Ballard Spahr LLP is an AmLaw 100 law firm practicing throughout the United States. Founded in 1885, the law firm focuses on litigation, securities and regulatory enforcement, business and finance, intellectual property, public finance, and real estate matters. The firm is headquartered at 1735 Market Street in Philadelphia.

==History==
Ballard Spahr originated in Philadelphia in 1885 and became known as 'Ballard and Spahr' in the early 1900s when University of Pennsylvania alumni Ellis Ames Ballard and Boyd Lee Spahr began practicing law together. The firm has continually grown by number of attorneys, practices, and offices throughout the United States since inception.

The firm opened its first office outside of Philadelphia in 1978, with the opening of its Washington, D.C. office. Ballard opened its Denver office in 1981, beginning the firm's growth in the Rocky Mountain and Southwest regions. The firm opened offices in Salt Lake City in 1987, Baltimore and New Jersey in 1992, and Delaware in 2002.

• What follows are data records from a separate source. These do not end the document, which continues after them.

Lemma filterlim_CInt_laplace w a : 0 < Re w -> 0 < a ->
  filterlim (fun uv => CInt (laplace_integrand w a) (fst uv) (snd uv)) at_0_infty
    (locally (Cmult (cpow_pos a (Copp w)) (cGamma w))).
Proof.
  intros Hw Ha.
  apply (filterlim_ext_loc
    (fun uv => Cmult (cpow_pos a (Copp w)) (CInt (gamma_integrand w) (a * fst uv) (a * snd uv)))).
  - apply (at_0_infty_intro _ 1 0); [lra|]. intros u v Hu Hv. simpl. symmetry.
    apply is_CInt_unique, is_CInt_laplace_integrand; lra.
  - apply (filterlim_Cmult at_0_infty); [apply filterlim_const|].
    apply (filterlim_comp _ _ _ (fun uv : R * R => (a * fst uv, a * snd uv))
      (fun uv => CInt (gamma_integrand w) (fst uv) (snd uv)) at_0_infty at_0_infty).
    + apply filterlim_scal_at_0_infty, Ha.
    + apply filterlim_CInt_gamma, Hw.
Qed.

Lemma laplace_integrand_Cconj s t a y : 0 < y ->
  laplace_integrand (Cplus s (Cconj t)) a y =
  Cmult (RtoC (exp (- (a * y)) / y)) (Cmult (cpow_pos y s) (Cconj (cpow_pos y t))).
Proof.
  intros Hy. unfold laplace_integrand.
  rewrite cpow_pos_Cminus_1, cpow_pos_Cplus, cpow_pos_Cconj by assumption.
  unfold Rdiv. C_ring.
Qed.

Lemma psd_mult_laplace_diff n A (s : nat -> C) a b :
  psd n A -> (forall j, (j < n)%nat -> 0 < Re (s j)) -> 0 < a < b ->
  psd n (fun j k =>
    let w := Cplus (s j) (Cconj (s k)) in
    Cmult (A j k) (Cmult (Cminus (cpow_pos a (Copp w)) (cpow_pos b (Copp w))) (cGamma w))).
Proof.
  intros HA Hs Hab.
  set (w := fun j k => Cplus (s j) (Cconj (s k))).
  apply (psd_ext n (fun j k => Cmult (A j k)
    (Cminus (Cmult (cpow_pos a (Copp (w j k))) (cGamma (w j k)))
            (Cmult (cpow_pos b (Copp (w j k))) (cGamma (w j k)))))); [intros; C_ring|].
  apply (psd_lim at_0_infty n (fun uv j k => Cmult (A j k)
    (Cminus (CInt (laplace_integrand (w j k) a) (fst uv) (snd uv))
            (CInt (laplace_integrand (w j k) b) (fst uv) (snd uv))))).
  - apply (at_0_infty_intro _ 1 1); [lra|]. intros u v Hu Hv. simpl.
    apply (psd_integral n (fun y j k => Cmult (RtoC ((exp (- (a * y)) - exp (- (b * y))) / y))
      (Cmult (A j k) (Cmult (cpow_pos y (s j)) (Cconj (cpow_pos y (s k)))))) _ u v); [lra| |].
    + intros y Hy. apply psd_scal; [|apply psd_mult_rank1, HA].
      assert (exp (- (b * y)) < exp (- (a * y))) by (apply exp_increasing; nra).
      apply Rdiv_le_0_compat; lra.
    + intros j k Hj Hk.
      apply (is_CInt_ext (fun y => Cmult (A j k)
        (Cminus (laplace_integrand (w j k) a y) (laplace_integrand (w j k) b y)))).
      * intros y Hy. rewrite Rmin_left, Rmax_right in Hy by lra.
        unfold w. rewrite !laplace_integrand_Cconj by lra. unfold Rdiv. C_ring.
      * apply is_CInt_Cmult_l, is_CInt_minus; apply is_CInt_laplace_integrand_CInt; lra.
  - intros j k Hj Hk. apply (filterlim_Cmult at_0_infty); [apply filterlim_const|].
    apply (filterlim_Cminus at_0_infty); apply filterlim_CInt_laplace;
      [apply Re_Cplus_Cconj_pos; auto | lra | apply Re_Cplus_Cconj_pos; auto | lra].
Qed.

(** * The alternating Dirichlet series *)

Lemma sum_n_alternating (psi : nat -> R) n :
  sum_n (fun k => (-1) ^ k * psi k) (S (2 * n)) = sum_n (fun i => psi (2 * i)%nat - psi (S (2 * i))) n.
Proof.
  induction n as [|n IH].
  - rewrite sum_Sn, !sum_O. simpl. unfold plus; simpl. ring.
  - replace (S (2 * S n)) with (S (S (S (2 * n)))) by lia.
    rewrite (sum_Sn _ (S (S (2 * n)))), (sum_Sn _ (S (2 * n))), IH, (sum_Sn _ n).
    replace (S (S (2 * n))) with (2 * S n)%nat by lia.
    rewrite pow_1_odd, pow_1_even. unfold plus; simpl. ring.
Qed.

Lemma is_lim_seq_even_odd (u : nat -> R) (l : R) :
  is_lim_seq (fun n => u (2 * n)%nat) l -> is_lim_seq (fun n => u (S (2 * n))) l -> is_lim_seq u l.
Proof.
  rewrite <- !is_lim_seq_spec. intros He Ho eps.
  destruct (He eps) as [N1 H1], (Ho eps) as [N2 H2].
  exists (2 * N1 + 2 * N2)%nat. intros n Hn.
  destruct (Nat.Even_or_Odd n) as [[m ->]|[m ->]].
  - apply H1. lia.
  - replace (2 * m + 1)%nat with (S (2 * m)) by lia. apply H2. lia.
Qed.

Lemma is_lim_seq_alternating (psi : nat -> R) (L : R) :
  is_lim_seq (sum_n (fun i => psi (2 * i)%nat - psi (S (2 * i)))) L -> is_lim_seq psi 0 ->
  is_lim_seq (sum_n (fun k => (-1) ^ k * psi k)) L.
Proof.
  intros HL H0. apply is_lim_seq_even_odd.
  - apply is_lim_seq_ext with
      (fun n => sum_n (fun i => psi (2 * i)%nat - psi (S (2 * i))) n - (-1) * psi (S (2 * n))).
    { intros n. rewrite <- sum_n_alternating, sum_Sn, pow_1_odd. unfold plus; simpl. ring. }
    replace L with (L - (-1) * 0) by ring. apply is_lim_seq_minus'; [exact HL|].
    apply (is_lim_seq_scal_l (fun n => psi (S (2 * n))) (-1) 0).
    apply (is_lim_seq_subseq psi 0 (fun n => S (2 * n))); [|exact H0].
    apply eventually_subseq. intros; lia.
  - apply is_lim_seq_ext with (sum_n (fun i => psi (2 * i)%nat - psi (S (2 * i)))); [|exact HL].
    intros n. symmetry. apply sum_n_alternating.
Qed.

Lemma is_lim_seq_Rpower_0 p (f : nat -> R) :
  p < 0 -> (forall n, INR n <= f n) -> (forall n, 0 < f n) -> is_lim_seq (fun n => Rpower (f n) p) 0.
Proof.
  intros Hp Hf Hf0. rewrite <- is_lim_seq_spec. intros eps.
  assert (HI := is_lim_seq_INR). rewrite <- is_lim_seq_spec in HI.
  destruct (HI (exp (ln eps / p))) as [N HN]. exists N. intros n Hn.
  specialize (HN n Hn). rewrite Rminus_0_r, Rabs_pos_eq by (left; apply Rpower_pos).
  unfold Rpower. rewrite <- (exp_ln eps) by apply cond_pos. apply exp_increasing.
  assert (ln eps / p < ln (f n)).
  { rewrite <- (ln_exp (ln eps / p)). apply ln_increasing; [apply exp_pos|]. specialize (Hf n). lra. }
  apply (Rmult_lt_reg_r (/ (- p))); [apply Rinv_0_lt_compat; lra|].
  replace (p * ln (f n) * / - p) with (- ln (f n)) by (field; lra).
  replace (ln eps * / - p) with (- (ln eps / p)) by (field; lra). lra.
Qed.

Lemma ex_series_telescoping (t : nat -> R) c :
  is_lim_seq t 0 -> ex_series (fun i => c * (t i - t (S i))).
Proof.
  intros Ht. exists (c * t O).
  assert (Hsum : forall n, sum_n (fun i => c * (t i - t (S i))) n = c * (t O - t (S n))).
  { induction n as [|n IH]; [apply sum_O|].
    rewrite sum_Sn, IH. unfold plus; simpl. ring. }
  change (is_lim_seq (sum_n (fun i => c * (t i - t (S i)))) (c * t O)).
  apply (is_lim_seq_ext (fun n => c * (t O - t (S n)))); [intros; symmetry; apply Hsum|].
  replace (c * t O) with (c * (t O - 0)) by ring.
  apply (is_lim_seq_scal_l _ c (t O - 0)), is_lim_seq_minus'; [apply is_lim_seq_const|].
  apply (is_lim_seq_incr_1 t 0), Ht.
Qed.

Lemma abs_diff_le_Rpower (g dg : R -> R) p K a b :
  p < 0 -> 0 <= K -> 0 < a <= b ->
  (forall x, 0 < x -> is_derive g x (dg x)) -> (forall x, 0 < x -> continuous dg x) ->
  (forall x, 0 < x -> Rabs (dg x) <= K * Rpower x (p - 1)) ->
  Rabs (g b - g a) <= K / (- p) * (Rpower a p - Rpower b p).
Proof.
  intros Hp HK Hab Hg Hdg Hbound.
  assert (Hpos : forall x, Rmin a b <= x <= Rmax a b -> 0 < x)
    by (rewrite Rmin_left, Rmax_right by lra; intros; lra).
  assert (HI : is_RInt dg a b (g b - g a))
    by (apply (is_RInt_derive (V := R_CompleteNormedModule)); intros x Hx; auto).
  rewrite <- (is_RInt_unique _ _ _ _ HI).
  eapply Rle_trans.
  - apply (abs_RInt_le_antiderivative dg (fun t => K / p * Rpower t p) (fun t => K * Rpower t (p - 1)));
      intros t Ht; specialize (Hpos t Ht).
    + auto.
    + apply (ex_derive_continuous (K := R_AbsRing) (V := R_NormedModule)).
      apply (ex_derive_scal (fun x => Rpower x (p - 1))). eexists. apply is_derive_Rpower, Hpos.
    + replace (K * Rpower t (p - 1)) with (K / p * (p * Rpower t (p - 1))) by (field; lra).
      apply (is_derive_scal (fun x => Rpower x p)), is_derive_Rpower, Hpos.
    + auto.
  - assert (Rpower b p <= Rpower a p) by (apply Rpower_le_Rpower_neg; lra).
    right. rewrite Rabs_pos_eq; [field; lra|].
    replace (K / p * Rpower b p - K / p * Rpower a p) with (K / (- p) * (Rpower a p - Rpower b p))
      by (field; lra).
    apply Rmult_le_pos; [apply Rdiv_le_0_compat|]; lra.
Qed.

Ballard Spahr acquired Needle & Rosenberg, P.C., an intellectual property boutique firm in Atlanta in 2008, expanding the firm's IP services and expanding to the Southeast. The firm opened an office in New York City in 2013, joining with Stillman & Friedman, a white collar defense and securities litigation and enforcement boutique.

It has also acquired First Amendment litigation boutique Levine Sullivan Koch & Schulz in 2017, bolstering Ballard's national media and entertainment law practice, as well as Lindquist & Vennum, a firm that focused on middle-market deal making.

On January 1, 2025, Ballard Spahr completed its merger with another law firm Lane Powell.

==Practice areas==
Ballard Spahr is a general practice law firm with 51 practice groups and departments focusing on business and transactions, finance, intellectual property, litigation, and real estate. Litigators at the firm advise market players in securities and antitrust class actions, patent infringement cases, white collar defense matters, and federal and state appeals.

The firm has a large real estate practice in the United States, encompassing real estate finance, conveyancing, construction, development, and distressed assets. It also has a significant presence in mergers and acquisitions, securities and securities enforcement, and other areas of corporate law.

The company has also represented government entities in the issuance of municipal bonds and other tax-exempt instruments. It also practices in the areas of labor & employment, insurance law, environmental law, tax law and other related sub-disciplines.